A National League All-Star in his first full season, Panik hit .312 with an .833 OPS in 100 games. His season essentially ended Aug. 1, when he reported discomfort after a typical performance -- 2-for-5 with two runs scored and an RBI at Texas. Panik tried to return in September, but was too wracked by pain after a three-game series Sept. 7-9 at Arizona to continue.

"It was not a fun time for me, just sitting on the bench and watching these guys battle every day and not being able to contribute," Panik recalled.
He missed the competition most of all.
"Especially in August and September," he said. "Those are the months your body's physically tired and that's when the true competitors really show up. That's when it really comes out. That's when everything's magnified.

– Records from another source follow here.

(* Let $\mathbb{W}$ be a subgroup of the finite group $\mathbb{W}_1$ that contains the group $\mathbb{W}_1^{\mathfrak{A}}$, and let $G$ be a $\mathbb{W}$-invariant finite subgroup of $\mathbb{T}_1$. Then there exists $n\in\mathbb{N}$ such that one of the following five possibilities holds: \begin{enumerate} \item $G\cong\mu_n^3$; \item $n$ is even and $G\cong\mu_{n}^2\times\mu_{\frac{n}{2}}$; \item $n$ is even and $G\cong\mu_{n}\times\mu_{\frac{n}{2}}^2$; \item $n$ is divisible by $4$ and $G\cong\mu_{n}\times\mu_{\frac{n}{2}}\times\mu_{\frac{n}{4}}$; \item $n$ is divisible by $4$ and $G\cong\mu_{n}\times\mu_{\frac{n}{4}}^2$. \end{enumerate} Here $\mu_k$ denotes the cyclic group of order $k$.
   Context: $M_1=\mathbb{Z}^4/\langle h_1+h_2+h_3+h_4\rangle$, with basis $e_1,e_2,e_3$ the classes of $h_1,h_2,h_3$. The group $\mathfrak{S}_4\times\mu_2$ acts on $M_1$: $\mathfrak{S}_4$ permutes the $h_i$ (so $g(e_i)=e_{g(i)}$ if $g(i)\ne4$ and $-e_1-e_2-e_3$ otherwise) and the generator $\sigma$ of $\mu_2$ acts as $-\mathrm{id}$; the image in $\mathrm{GL}(M_1)\cong\mathrm{GL}_3(\mathbb{Z})$ is denoted $\mathbb{W}_1$, and $\mathbb{W}_1^{\mathfrak{A}}$ is its unique subgroup isomorphic to $\mathfrak{A}_4$ (image of $\mathfrak{A}_4\times\{1\}$). $\mathbb{T}_1=\mathrm{Spec}\,\mathbb{C}[M_1]\cong\mathbb{G}_m^3$, on which $\mathrm{GL}(M_1)$ acts by group automorphisms via its action on characters. *)

From HB Require Import structures.
From mathcomp Require Import all_boot all_order all_algebra all_fingroup.
From mathcomp Require Import finmap.
From mathcomp Require Import reals.
From mathcomp Require Import complex.

Set Implicit Arguments.
Unset Strict Implicit.
Unset Printing Implicit Defensive.

Import GRing.Theory Num.Theory.
Local Open Scope ring_scope.

(* The lattice M_1 = Z^3 (basis e_1,e_2,e_3 = classes of h_1,h_2,h_3);       *)
(* GL(M_1) = GL_3(Z) acting on column coordinate vectors.  The index i of     *)
(* 'I_4 stands for h_(i+1); ord_max (= 3) stands for h_4.                    *)

(* Matrix of g in S_4 acting on M_1: column j is g(e_j), which is            *)
(* e_(g j) if g j <> 4, and -e_1-e_2-e_3 otherwise.                          *)
Definition permM1 (g : 'S_4) : 'M[int]_3 :=
  \matrix_(i < 3, j < 3)
    (if g (widen_ord (isT : 3 <= 4)%N j) == ord_max then -1
     else ((g (widen_ord (isT : 3 <= 4)%N j) : nat) == (i : nat))%:~R).

(* W_1 = image of S_4 x mu_2 in GL(M_1); sigma acts as -id. *)
Definition in_W1 (A : 'M[int]_3) : Prop :=
  exists (g : 'S_4) (s : bool), A = (-1) ^+ s *: permM1 g.

Definition in_W1A (A : 'M[int]_3) : Prop :=
  exists g : 'S_4, ~~ odd_perm g /\ A = permM1 g.

(* W is a subgroup of W_1 containing W_1^A (W_1 is finite, so a nonempty     *)
(* subset closed under products is a subgroup).                               *)
Definition W_ok (W : 'M[int]_3 -> Prop) : Prop :=
  [/\ forall A, W A -> in_W1 A,
      forall A, in_W1A A -> W A &
      forall A B, W A -> W B -> W (A *m B)].

(* Points of T_1 = Spec C[M_1] ~ G_m^3: t = (t(e_1), t(e_2), t(e_3)) with     *)
(* nonzero coordinates.  A in GL(M_1) acts on characters, hence on points by  *)
(* t |-> t o A, i.e. (t o A)(e_j) = prod_i t(e_i)^(A i j).                   *)
Section Torus.
Variable R : realType.
Notation C := (R[i]).

Definition tpt (t : 'rV[C]_3) : bool := [forall j, t 0 j != 0].
Definition tmul (s t : 'rV[C]_3) : 'rV[C]_3 := \row_j (s 0 j * t 0 j).
Definition tinv (t : 'rV[C]_3) : 'rV[C]_3 := \row_j (t 0 j)^-1.
Definition tone : 'rV[C]_3 := const_mx 1.
Definition tact (A : 'M[int]_3) (t : 'rV[C]_3) : 'rV[C]_3 :=
  \row_j \prod_(i < 3) (t 0 i) ^ (A i j).

Definition fin_subgroup (G : {fset 'rV[C]_3}) : Prop :=
  [/\ forall t, t \in G -> tpt t,
      tone \in G,
      forall s t, s \in G -> t \in G -> tmul s t \in G &
      forall t, t \in G -> tinv t \in G].

Definition W_invariant (W : 'M[int]_3 -> Prop) (G : {fset 'rV[C]_3}) : Prop :=
  forall A t, W A -> t \in G -> tact A t \in G.
End Torus.

(* The cyclic group mu_k, modelled as Z/kZ = 'I_k with addition mod k. *)
Lemma ord_pos k (i : 'I_k) : (0 < k)%N.
Proof. exact: leq_ltn_trans (leq0n i) (ltn_ord i). Qed.

Definition addI k (i j : 'I_k) : 'I_k :=
  Ordinal (ltn_pmod (i + j) (ord_pos i)).

Definition add3 a b c (x y : 'I_a * 'I_b * 'I_c) : 'I_a * 'I_b * 'I_c :=
  (addI x.1.1 y.1.1, addI x.1.2 y.1.2, addI x.2 y.2).

Definition iso_mu3 (R : realType) (G : {fset 'rV[R[i]]_3}) (a b c : nat) : Prop :=
  exists f : 'rV[R[i]]_3 -> 'I_a * 'I_b * 'I_c,
    [/\ {in G &, injective f},
        (forall y, exists2 x, x \in G & f x = y) &
        {in G &, forall s t, f (tmul s t) = add3 (f s) (f t)}].

From HB Require Import structures.
From mathcomp Require Import all_boot all_order all_algebra all_fingroup.
From mathcomp Require Import finmap reals complex cyclic zify ring.

Set Implicit Arguments.
Unset Strict Implicit.
Unset Printing Implicit Defensive.
Import GRing.Theory Num.Theory.
Local Open Scope ring_scope.

(* The first coordinates of the points of G form a finite subgroup of C^*,
   hence the group of n-th roots of unity, generated by some z.  As the
   3-cycle (h_1 h_2 h_3) permutes the coordinates, every point of G is
   (z^a1, z^a2, z^a3), and G is encoded by the lattice of its exponent vectors:
   it contains nZ^3 and some (1, p, q), and it is stable under A_4.  Such a
   lattice contains (4, 0, 0), and parity arguments show that it is
   {a | k divides a2 - a1 and a3 - a1} for k = 1, 2 or 4.  Reducing modulo n,
   G is then isomorphic to mu_n x mu_(n/k) x mu_(n/k): cases 1, 3 and 5. *)

Section FiniteMulSubgroup.
Variables (F : fieldType) (S : seq F).
Hypotheses (S_uniq : uniq S) (S_neq0 : 0 \notin S).
Hypothesis S_mul : {in S &, forall x y, x * y \in S}.
Hypothesis S_inv : {in S, forall x, x^-1 \in S}.

Lemma expr_size_mulgroup : {in S, forall z, z ^+ size S = 1}.
Proof.
move=> z Sz; have z_neq0 : z != 0 by apply: contraNneq S_neq0 => <-.
have S_mulz : perm_eq [seq z * y | y <- S] S.
  apply: uniq_perm => //; first by rewrite map_inj_uniq //; exact: mulfI.
  move=> y; apply/mapP/idP => [[x Sx ->]|Sy]; first exact: S_mul.
  by exists (z^-1 * y); [exact: S_mul (S_inv Sz) Sy | rewrite mulVKf].
have prodS_neq0 : \prod_(y <- S) y != 0.
  by rewrite prodf_seq_neq0; apply/allP => y Sy; apply: contraNneq S_neq0 => <-.
apply: (mulIf prodS_neq0); rewrite mul1r -[RHS](perm_big _ S_mulz) big_map.
by rewrite big_split big_const_seq count_predT iter_mulr_1.
Qed.

Lemma mulgroup_cyclic : (0 < size S)%N -> exists z, [/\ z \in S,
  (size S).-primitive_root z & {in S, forall y, exists i : nat, y = z ^+ i}].
Proof.
move=> S_gt0; have /hasP[z Sz z_prim] : has (size S).-primitive_root S.
  apply: has_prim_root => //; apply/allP => y /expr_size_mulgroup y1.
  by rewrite unity_rootE y1.
exists z; split=> // y /expr_size_mulgroup /(prim_rootP z_prim)[i ->].
by exists i.
Qed.

End FiniteMulSubgroup.

Section InvariantLattice.
Variable L : int -> int -> int -> bool.
Hypothesis L0 : L 0 0 0.
Hypothesis L_sub : forall a1 a2 a3 b1 b2 b3, L a1 a2 a3 -> L b1 b2 b3 ->
  L (a1 - b1) (a2 - b2) (a3 - b3).
(* The actions on exponent vectors of the generators (h_1 h_2 h_3) and
   (h_1 h_2)(h_3 h_4) of A_4. *)
Hypothesis L_cycle123 : forall a1 a2 a3, L a1 a2 a3 -> L a3 a1 a2.
Hypothesis L_dtransp12 : forall a1 a2 a3, L a1 a2 a3 -> L a2 a1 (- (a1 + a2 + a3)).

Local Ltac lattice_from h := apply: (etrans _ h); congr L; lia.

Lemma L_opp a1 a2 a3 : L a1 a2 a3 -> L (- a1) (- a2) (- a3).
Proof. by move=> h; lattice_from (L_sub L0 h). Qed.

Lemma L_add a1 a2 a3 b1 b2 b3 : L a1 a2 a3 -> L b1 b2 b3 ->
  L (a1 + b1) (a2 + b2) (a3 + b3).
Proof. by move=> ha hb; lattice_from (L_sub ha (L_opp hb)). Qed.

Lemma L_scale (c : int) a1 a2 a3 : L a1 a2 a3 -> L (c * a1) (c * a2) (c * a3).
Proof.
move=> h.
have L_nat (n : nat) : L (n%:Z * a1) (n%:Z * a2) (n%:Z * a3).
  by elim: n => [|n IH]; [lattice_from L0 | lattice_from (L_add IH h)].
case: c => n; first exact: L_nat.
by lattice_from (L_opp (L_nat n.+1)).
Qed.

Lemma L_cycle234 a1 a2 a3 : L a1 a2 a3 -> L a1 a3 (- (a1 + a2 + a3)).
Proof. by move=> h; lattice_from (L_dtransp12 (L_cycle123 h)). Qed.

Lemma L_dtransp14 a1 a2 a3 : L a1 a2 a3 -> L (- (a1 + a2 + a3)) a3 a2.
Proof.
move=> h.
by lattice_from (L_dtransp12 (L_cycle123 (L_cycle123 (L_dtransp12 (L_cycle123 h))))).
Qed.

Lemma L_scaled_Z3 m c1 c2 c3 : L m 0 0 -> L (m * c1) (m * c2) (m * c3).
Proof.
move=> h; have h2 := L_cycle123 h; have h3 := L_cycle123 h2.
by lattice_from (L_add (L_add (L_scale c1 h) (L_scale c2 h2)) (L_scale c3 h3)).
Qed.

(* Modulo 2mZ^3, which lies in L, the symmetries move any w whose entries do
   not all have the same parity to (1, 0, 0). *)
Lemma L_parity m w1 w2 w3 : L (2 * m) 0 0 -> ~~ L m 0 0 ->
  L (m * w1) (m * w2) (m * w3) -> (2 %| w2 - w1)%Z && (2 %| w3 - w1)%Z.
Proof.
move=> L2m Lm Lw.
have odd_first c1 c2 c3 : ~~ L (m + 2 * m * c1) (2 * m * c2) (2 * m * c3).
  apply: contra Lm => h; lattice_from (L_sub h (L_scaled_Z3 c1 c2 c3 L2m)).
have E1 := divz_eq w1 2; have E2 := divz_eq w2 2; have E3 := divz_eq w3 2.
set q1 := (w1 %/ 2)%Z in E1 *; set q2 := (w2 %/ 2)%Z in E2 *.
set q3 := (w3 %/ 2)%Z in E3 *.
have R1 : (w1 %% 2)%Z = 0 \/ (w1 %% 2)%Z = 1 by lia.
have R2 : (w2 %% 2)%Z = 0 \/ (w2 %% 2)%Z = 1 by lia.
have R3 : (w3 %% 2)%Z = 0 \/ (w3 %% 2)%Z = 1 by lia.
case: R1 => r1; case: R2 => r2; case: R3 => r3;
  try (apply/andP; split; lia); exfalso.
- by move/negP: (odd_first q3 q1 q2); apply; lattice_from (L_cycle123 Lw).
- move/negP: (odd_first q2 q3 q1); apply.
  by lattice_from (L_cycle123 (L_cycle123 Lw)).
- move/negP: (odd_first q2 q1 (- q1 - q2 - q3 - 1)); apply.
  by lattice_from (L_dtransp12 Lw).
- by move/negP: (odd_first q1 q2 q3); apply; lattice_from Lw.
- move/negP: (odd_first q1 (- q1 - q2 - q3 - 1) q2); apply.
  by lattice_from (L_cycle234 (L_cycle234 Lw)).
- move/negP: (odd_first q1 q3 (- q1 - q2 - q3 - 1)); apply.
  by lattice_from (L_cycle234 Lw).
Qed.

Lemma L_400 p q : L 1 p q -> L 4 0 0.
Proof.
move=> Lx; have Ly : L 3 (-1) (-1).
  by lattice_from (L_add (L_add Lx (L_cycle234 Lx)) (L_cycle234 (L_cycle234 Lx))).
by lattice_from (L_sub Ly (L_dtransp14 Ly)).
Qed.

Lemma L_level p q : L 1 p q -> exists2 k : nat, k \in [:: 1; 2; 4]%N &
  L k 0 0 /\ forall a1 a2 a3, L a1 a2 a3 -> (k%:Z %| a2 - a1)%Z && (k%:Z %| a3 - a1)%Z.
Proof.
move=> Lx; have L4 := L_400 Lx.
have [L1|L1] := boolP (L 1 0 0).
  by exists 1%N => //; split=> // a1 a2 a3 _; rewrite !dvd1z.
have [L2|L2] := boolP (L 2 0 0).
  exists 2%N => //; split=> // a1 a2 a3 La.
  by apply: (@L_parity 1); [lattice_from L2 | done | lattice_from La].
exists 4%N => //; split=> // a1 a2 a3 La.
have /andP[/dvdzP[e2 E2] /dvdzP[e3 E3]] : (2 %| a2 - a1)%Z && (2 %| a3 - a1)%Z.
  by apply: (@L_parity 2); [lattice_from L4 | done | exact: L_scale].
(* a minus its image under (h_2 h_3 h_4) is 2 (0, e2 - e3, 2 a1 + e2 + 2 e3). *)
have /andP[/dvdzP[f2 F2] /dvdzP[f3 F3]] :
    (2 %| (e2 - e3) - 0)%Z && (2 %| (2 * a1 + e2 + 2 * e3) - 0)%Z.
  apply: (@L_parity 2); [lattice_from L4 | done | ].
  by lattice_from (L_sub La (L_cycle234 La)).
apply/andP; split; apply/dvdzP; [exists (f3 - a1 - e3) | exists (f3 - a1 - e3 - f2)]; lia.
Qed.

Lemma L_classification p q : L 1 p q -> exists2 k : nat, k \in [:: 1; 2; 4]%N &
  forall a1 a2 a3, L a1 a2 a3 = (k%:Z %| a2 - a1)%Z && (k%:Z %| a3 - a1)%Z.
Proof.
move=> Lx; have [k k124 [Lk L_dvd]] := L_level Lx.
exists k => // a1 a2 a3; apply/idP/idP; first exact: L_dvd.
have /andP[/dvdzP[c2 E2] /dvdzP[c3 E3]] := L_dvd _ _ _ Lx.
move=> /andP[/dvdzP[d2 F2] /dvdzP[d3 F3]].
have Lk' := L_scaled_Z3 0 (d2 - a1 * c2) (d3 - a1 * c3) Lk.
by lattice_from (L_add (L_scale a1 Lx) Lk').
Qed.

End InvariantLattice.

Lemma expz_congr (F : fieldType) (z : F) (n : nat) (a b : int) :
  z != 0 -> z ^+ n = 1 -> (a = b %[mod n])%Z -> z ^ a = z ^ b.
Proof.
move=> z0 zn ab.
have expz_mod c : z ^ (c %% n)%Z = z ^ c.
  rewrite {2}(divz_eq c n) [in RHS]expfzDr // -exprz_exp exprzAC -exprnP zn.
  by rewrite exp1rz mul1r.
by rewrite -expz_mod ab expz_mod.
Qed.

Section TorusAction.
Variable R : realType.
Notation C := (R[i]).

(* [hval t i] is the value at t of the character h_(i+1), where
   h_4 = -(h_1 + h_2 + h_3) in M_1. *)
Definition hval (t : 'rV[C]_3) (i : 'I_4) : C :=
  if (i : nat) == 3%N then (t 0 0 * t 0 (inord 1) * t 0 (inord 2))^-1
  else t 0 (inord i).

To sit back and miss those crunch-time moments -- it was different, difficult, but I learned from it."
Panik received only partial relief when he went home following the season to Hopewell Junction, N.Y., while the Mets made their October surge toward the World Series.
"I guess I was forced to watch it a little more because I have a few friends who are Mets fans," Panik said. "I was constantly reminded, basically, you missed out on this this year. But I was in the middle of my rehab and I was like, 'You know what? Keep pushing hard, because this is where you're going to be in a few years.'"

After being cleared to participate in baseball-related activities in mid-December, Panik and his fiancee, Brittany Pinto, went on a European vacation. The thought of Panik's back holding up through a transatlantic flight and quaint strolls on unforgiving cobblestoned streets might have prompted concern, at the very least. But, said Panik, "It worked out. Everything was good."
He obviously continues to feel that way.